No había pasado aún media hora, cuando oímos un enorme ruido: era la ola de vuelta del terremoto hacia su epicentro. Fue impresionante y nos causó un pánico tremendo porque que, a medida que avanzaba, se agrietaban las calles, y las casas que todavía estaban en pie empezaron a caer. Ví a lo lejos el banco de sangre que cambió prácticamente de acera, ratatinándose. El Hotel Raiser, que tenía catorce pisos, fue reducido a dos. Mucha gente que estaba ayudando a otros en esos momentos quedó atrapada, y encontraron la muerte. Fue una noche de angustia, pero la verdad es que, ayudados y reconfortados por la fe en Dios y la oración, las horas pasaron rápido. Dimos gracias al Señor de habernos sacado con vida de ese trance.
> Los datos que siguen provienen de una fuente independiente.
Lemma shift_mass_dist x w t th : (forall s, 0 <= w s) -> w t = 0 ->
  \sum_s (shift_mass x w t th s - x s) ^+ 2 <= 2 * (th * \sum_s w s) ^+ 2.
Proof.
move=> w0 wt; set W := \sum_s w s.
have -> : \sum_s (shift_mass x w t th s - x s) ^+ 2
    = (th * W) ^+ 2 + th ^+ 2 * \sum_s w s ^+ 2.
  rewrite [LHS](bigD1 t) //= [X in _ = _ + X]mulr_sumr.
  rewrite [X in _ = _ + X](bigD1 t) //= /shift_mass.
  rewrite eqxx wt expr0n /= !mulr0 add0r -/W; congr (_ + _); first ring.
  by apply: eq_bigr => s /negbTE st; rewrite st mul0r addr0; ring.
have := sum_sqr_le_sqr_sum w0; rewrite -/W => ww.
have : th ^+ 2 * \sum_s w s ^+ 2 <= th ^+ 2 * W ^+ 2 by rewrite ler_wpM2l ?sqr_ge0.
by rewrite exprMn; lra.
Qed.

(* Mass that is not where c is maximal is moved to a maximiser t; the values
   of c being 0, 1/2 or 1, every unit of moved mass gains at least 1/2. *)
Lemma mass_transfer c x t a :
  (forall s, zero_half_one (c s)) -> (forall s, c s <= c t) ->
  (forall s, 0 <= x s) -> a <= c t ->
  0 < a * \sum_s x s - \sum_s c s * x s ->
  exists x' : I -> R, [/\ forall s, 0 <= x' s, \sum_s x' s = \sum_s x s,
     a * \sum_s x s <= \sum_s c s * x' s &
     \sum_s (x' s - x s) ^+ 2 <= 8 * (a * \sum_s x s - \sum_s c s * x s) ^+ 2].
Proof.
move=> c01 ct x0 act; set m := \sum_s x s; set f := \sum_s c s * x s.
set g := a * m - f => g0.
pose w s := if c s < c t then x s else 0.
have wx s : 0 <= w s <= x s by rewrite /w; case: ifP; rewrite ?lexx ?x0.
have w0 s : 0 <= w s by case/andP: (wx s).
have wt : w t = 0 by rewrite /w ltxx.
set G := \sum_s (c t - c s) * w s.
have GE : G = c t * m - f.
  rewrite /m /f mulr_sumr -sumrB; apply: eq_bigr => s _; rewrite -mulrBl /w.
  case: ltP => // cts; have -> : c s = c t by apply: le_anti; rewrite ct cts.
  by rewrite subrr !mul0r.
have gG : g <= G by rewrite GE lerB // ler_wpM2r // sumr_ge0.
have G0 : 0 < G by apply: lt_le_trans gG.
have WG : \sum_s w s <= 2 * G.
  rewrite mulr_sumr; apply: ler_sum => s _; rewrite /w; case: ifP => [cst|_].
    by have := zero_half_one_gap (c01 s) (c01 t) cst; have := x0 s; nra.
  by rewrite !mulr0.
set th := g / G.
have th0 : 0 <= th by rewrite divr_ge0 // ltW.
have thG : th * G = g by rewrite mulfVK // gt_eqF.
exists (shift_mass x w t th); split.
- by apply: shift_mass_ge0 => //; rewrite th0 ler_pdivrMr // mul1r.
- exact: shift_mass_sum.
- by rewrite shift_mass_gain -/G thG /g -/f; lra.
- apply: le_trans (@shift_mass_dist x w t th w0 wt) _.
  have : th * \sum_s w s <= 2 * g by rewrite -thG; nra.
  have : 0 <= th * \sum_s w s by rewrite mulr_ge0 // sumr_ge0.
  by nra.
Qed.

Lemma mass_transfer_near c x t a d :
  (forall s, zero_half_one (c s)) -> (forall s, c s <= c t) ->
  (forall s, 0 <= x s) -> a <= c t -> 0 < d ->
  a * \sum_s x s - d < \sum_s c s * x s ->
  exists x' : I -> R, [/\ forall s, 0 <= x' s, \sum_s x' s = \sum_s x s,
     a * \sum_s x s <= \sum_s c s * x' s & \sum_s (x' s - x s) ^+ 2 < 8 * d ^+ 2].
Proof.
move=> c01 ct x0 act d0 f_gt.
have [g_le0|g_gt0] := lerP (a * \sum_s x s - \sum_s c s * x s) 0.
  exists x; split => //; first by lra.
  rewrite big1 => [|s _]; last by rewrite subrr expr0n.
  by rewrite mulr_gt0 // exprn_gt0.
have [x' [x'0 x'm x'c x'x]] := mass_transfer c01 ct x0 act g_gt0.
exists x'; split => //; apply: le_lt_trans x'x _; rewrite ltr_pM2l //; nra.
Qed.

End MassTransfer.

Section SocpSlack.
Variables (R : realType) (n : nat) (U : 'M[R]_n.+1).
Hypothesis UT : U^T = U.
Hypothesis U_psd : forall v : 'rV[R]_n.+1, 0 <= (v *m U *m v^T) 0 0.
Variable lam : R.
Hypothesis lam_gt0 : 0 < lam.
Hypothesis U_le_lam : forall v : 'rV[R]_n.+1,
  (v *m U *m v^T) 0 0 <= lam * (v *m v^T) 0 0.
Variables (y : 'I_n.+1 -> bool -> R) (st : 'I_n.+1) (b : bool) (rhs : R).

Lemma Unorm_sqr_le v : Unorm U v ^+ 2 <= lam * \sum_s v 0 s ^+ 2.
Proof.
rewrite Unorm_sqr //; apply: le_trans (U_le_lam v) _; rewrite mxE.
by under eq_bigr do rewrite mxE -expr2.
Qed.

Lemma socp_value_le z : socp_feasible y st b rhs z ->
  socp_value U y st b rhs <= Unorm U (z - mustar y).
Proof.
move=> zfeas; apply: ge_inf; last by exists z.
by exists 0 => _ [z' _ <-]; exact: Unorm_ge0.
Qed.

Lemma socp_feasible_scale (x : 'I_n.+1 -> R) (m : R) : 0 < m ->
  (forall s, 0 <= x s) -> \sum_s x s = m ->
  rhs * m <= \sum_(s < n.+1 | s != st) pibar y b s * x s ->
  socp_feasible y st b rhs (m^-1 *: \row_s x s).
Proof.
move=> m0 x0 xm cx; split.
- have -> : \sum_(s < n.+1 | s != st) pibar y b s * (m^-1 *: \row_s x s) 0 s
      = m^-1 * \sum_(s < n.+1 | s != st) pibar y b s * x s.
    by rewrite mulr_sumr; apply: eq_bigr => s _; rewrite !mxE mulrCA.
  by rewrite -(ler_pM2l m0) mulrA mulfV ?gt_eqF // mul1r mulrC.
- apply/rowP => i; rewrite (ord1 i) !mxE -[RHS]/(1 : R) -(mulVf (lt0r_neq0 m0)) -xm.
  by rewrite mulr_sumr; apply: eq_bigr => s _; rewrite !mxE mulr1.
- by move=> s; rewrite !mxE mulr_ge0 ?invr_ge0 // ltW.
Qed.

(* If the bound failed, some x' with |x' - x|_2 < 2 sqrt 2 d would make x' / m
   feasible for the SOCP, so x would be U-far from m mu*. *)
Lemma socp_slack (eta d m : R) (x : 'rV[R]_n.+1) :
  (forall s, s != st -> zero_half_one (pibar y b s)) ->
  eta <= socp_value U y st b rhs -> (exists z, socp_feasible y st b rhs z) ->
  (forall s, 0 <= x 0 s) -> \sum_s x 0 s = m -> 0 < d ->
  Unorm U (x - m *: mustar y) <= eta * m - 2 * Num.sqrt 2 * Num.sqrt lam * d ->
  \sum_(s < n.+1 | s != st) pibar y b s * x 0 s <= rhs * m - d.
Proof.
move=> pibar01 eta_le [z z_feas] x0 xm d0.
set eps := 2 * Num.sqrt 2 * Num.sqrt lam * d => x_near.
have eps0 : 0 < eps by rewrite !mulr_gt0 ?sqrtr_gt0.
have eps2 : eps ^+ 2 = 8 * lam * d ^+ 2.
  by rewrite /eps !exprMn !sqr_sqrtr ?(ltW lam_gt0) //; ring.
have m0 : 0 < m.
  rewrite lt_def -{2}xm sumr_ge0 // andbT; apply: contraTneq x_near => ->.
  by rewrite mulr0 sub0r -ltNge (lt_le_trans _ (Unorm_ge0 _ _)) // oppr_lt0.
pose c s := if s == st then 0 else pibar y b s.
have cE (u : 'I_n.+1 -> R) :
    \sum_(s < n.+1 | s != st) pibar y b s * u s = \sum_s c s * u s.
  by rewrite big_mkcond; apply: eq_bigr => s _; rewrite /c; case: eqP; rewrite ?mul0r.
have c01 s : zero_half_one (c s).
  by rewrite /c; case: eqVneq => [_|/pibar01 //]; constructor 1.
have [t tmax] : exists t, forall s, c s <= c t.
  by have [t _ ct] := @arg_maxP _ _ _ ord0 xpredT c isT; exists t => s; exact: ct.
have rhs_ct : rhs <= c t.
  have [z_rhs z1 z0] := z_feas; apply: le_trans z_rhs _; rewrite cE.
  apply: convex_le_max => //.
  transitivity ((z *m (onesr R n.+1)^T) 0 0); last by rewrite z1 mxE.
  by rewrite mxE; apply: eq_bigr => s _; rewrite !mxE mulr1.
rewrite leNgt; apply/negP; rewrite cE -xm => f_gt.
have [x' [x'0 x'm x'c x'x]] := mass_transfer_near c01 tmax x0 rhs_ct d0 f_gt.
rewrite xm in x'm x'c.
have x'_near : Unorm U (\row_s x' s - x) < eps.
  have := Unorm_sqr_le (\row_s x' s - x); have := Unorm_ge0 U (\row_s x' s - x).
  under eq_bigr do rewrite !mxE.
  have : lam * \sum_s (x' s - x 0 s) ^+ 2 < eps ^+ 2.
    by rewrite eps2 [8 * lam]mulrC -mulrA ltr_pM2l.
  by move: eps0; set u := Unorm U _; nra.
have x'_feas : socp_feasible y st b rhs (m^-1 *: \row_s x' s).
  by apply: socp_feasible_scale => //; rewrite cE.
have := socp_value_le x'_feas.
have -> : m^-1 *: \row_s x' s - mustar y
          = m^-1 *: ((x - m *: mustar y) + (\row_s x' s - x)).
  by apply/rowP => s; rewrite !mxE; field; rewrite gt_eqF.
rewrite UnormZ // ger0_norm ?invr_ge0 ?(ltW m0) // => val_le.
have := Unorm_triangle UT U_psd (x - m *: mustar y) (\row_s x' s - x).
have : eta * m <= Unorm U ((x - m *: mustar y) + (\row_s x' s - x)).
  by rewrite -ler_pdivlMr // mulrC; exact: le_trans eta_le val_le.
by move: x_near x'_near; lra.
Qed.

End SocpSlack.

Section NArmedSystem.
Variable R : realType.

Lemma pibar_zero_half_one n (y : 'I_n -> bool -> R) st b s :
  (forall s a, 0 <= y s a) ->
  (forall s, 0 < y s false -> 0 < y s true -> s = st) ->
  s != st -> zero_half_one (pibar y b s).
Proof.
move=> y0 y_uniq s_st; rewrite /pibar; case: ifP => [sum_gt0|_]; last first.
  by rewrite div1r; constructor 2.
have [y0E|y0N0] := eqVneq (y s false) 0.
  rewrite y0E add0r in sum_gt0 *.
  by case: b; rewrite ?y0E; [constructor 3; rewrite divff ?gt_eqF | constructor 1; rewrite mul0r].
have [y1E|y1N0] := eqVneq (y s true) 0.
  rewrite y1E addr0 in sum_gt0 *.
  by case: b; rewrite ?y1E; [constructor 1; rewrite mul0r | constructor 3; rewrite divff ?gt_eqF].
by move: s_st; rewrite (y_uniq s) ?eqxx // lt_def ?y0N0 ?y1N0 y0.
Qed.

Lemma xD_ge0 n N (arm : 'I_N -> 'I_n) (D : {set 'I_N}) s : 0 <= xD R arm D 0 s.
Proof. by rewrite mxE divr_ge0. Qed.

Lemma xD_sum n N (arm : 'I_N -> 'I_n) (D : {set 'I_N}) :
  \sum_s xD R arm D 0 s = mD R D.
Proof.
rewrite /mD; have -> : #|D| = (\sum_s #|[set i in D | arm i == s]|)%N.
  rewrite -sum1_card (partition_big arm xpredT) //=; apply: eq_bigr => s _.
  by rewrite -sum1_card; apply: eq_bigl => i; rewrite inE.
by rewrite natr_sum mulr_suml; apply: eq_bigr => s _; rewrite mxE.
Qed.

End NArmedSystem.

Unset Implicit Arguments. Set Strict Implicit. Set Printing Implicit Defensive.

Theorem mainTheorem14 (R : realType) (n : nat)
  (P : 'I_n -> bool -> 'I_n -> R) (r : 'I_n -> bool -> R) (alpha : R)
  (ystar : 'I_n -> bool -> R) (st : 'I_n) :
  stochastic P ->
  0 < alpha < 1 ->
  LP_optimal P r alpha ystar ->
  (* Assumption 1 *)
  assumption1 (Ppibar P ystar) ->
  (* Assumption 2: st is the unique state with both y*(s,0), y*(s,1) > 0 *)
  (0 < ystar st false /\ 0 < ystar st true) ->
  (forall s, 0 < ystar s false -> 0 < ystar s true -> s = st) ->
  (* Assumption 3 *)
  all_eig_lt1 (Phi P ystar alpha st) ->
  let U := Umx (Phi P ystar alpha st) in
  (* (P1) and (P2) feasible *)
  (exists z, socp_feasible ystar st true alpha z) ->
  (exists z, socp_feasible ystar st false (1 - alpha) z) ->
  let eta1 := socp_value U ystar st true alpha in
  let eta2 := socp_value U ystar st false (1 - alpha) in
  let eta := Num.min eta1 eta2 in
  let k := (#|Sempty ystar|.+1)%:R : R in
  forall (N : nat) (arm : 'I_N -> 'I_n) (D : {set 'I_N}),
    (0 < N)%N ->
    let epsfe := 2 * Num.sqrt 2 * Num.sqrt (lambda_max U) * k / N%:R in
    Unorm U (xD R arm D - mD R D *: mustar ystar) <= eta * mD R D - epsfe ->
    \sum_(s < n | s != st) pibar ystar true s * xD R arm D ord0 s
      <= alpha * mD R D - k / N%:R /\
    \sum_(s < n | s != st) pibar ystar false s * xD R arm D ord0 s
      <= (1 - alpha) * mD R D - k / N%:R.
Proof.
case: n P r ystar st => [|n] P r ystar st; first by case: st.
move=> _ _ [[y_ge0 _ _ _] _] _ _ y_uniq eigPhi U P1_feas P2_feas eta1 eta2 eta k.
move=> N arm D N_gt0 epsfe near.
have UT : U^T = U := trmx_Umx _.
have U_psd := quad_Umx_ge0 eigPhi.
have [lam_gt0 U_le_lam] := lambda_max_quad_bound UT (quad_Umx_ge eigPhi).
have kN_gt0 : 0 < k / N%:R by rewrite divr_gt0 ?ltr0n.
rewrite /epsfe -mulrA in near.
have slack b rhs : (exists z, socp_feasible ystar st b rhs z) ->
    eta <= socp_value U ystar st b rhs ->
    \sum_(s < n.+1 | s != st) pibar ystar b s * xD R arm D ord0 s
      <= rhs * mD R D - k / N%:R.
  move=> feas eta_le; apply: (socp_slack UT U_psd lam_gt0 U_le_lam) feas _ _ _ near => //.
  - by move=> s; apply: pibar_zero_half_one.
  - exact: xD_ge0.
  - exact: xD_sum.
split; apply: slack => //; first by rewrite /eta ge_min lexx.
by rewrite /eta ge_min lexx orbT.
Qed.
Al día siguiente pasaron camiones distribuyendo botellas de leche para la población. Bebimos algo, aunque no teníamos apetito alguno, y nos costaba asimilar la catástrofe.Estábamos en la duda de lo que se podía o debía hacer. Viendo que mi madre no podía moverse, me decidí a llevarla al Hospital Militar, que estaba a un kilómetro. Tomé el coche y la llevé. Uno de mis tíos era el director de ese hospital.

Cuando llegamos el espectáculo era dantesco. El hospital estaba medio destruido. Los enfermos estaban tendidos afuera, en la hierba, en el suelo… Muchos heridos que habían llegado toda la noche estaban allí, esperando su turno. Otros llegaban entonces… Los médicos, las enfermeras, muchos voluntarios, actuaban con una serenidad imponente. En otros hospitales pasó lo mismo o peor. Los médicos operaron toda la noche a la luz de los focos de coches; a veces con agua, con poca agua, a veces sin agua, y muchas veces sin anestesia. Fue bastante atroz para algunos familiares que llevaron a padres, madres, hijos, muy golpeados o gravemente heridos.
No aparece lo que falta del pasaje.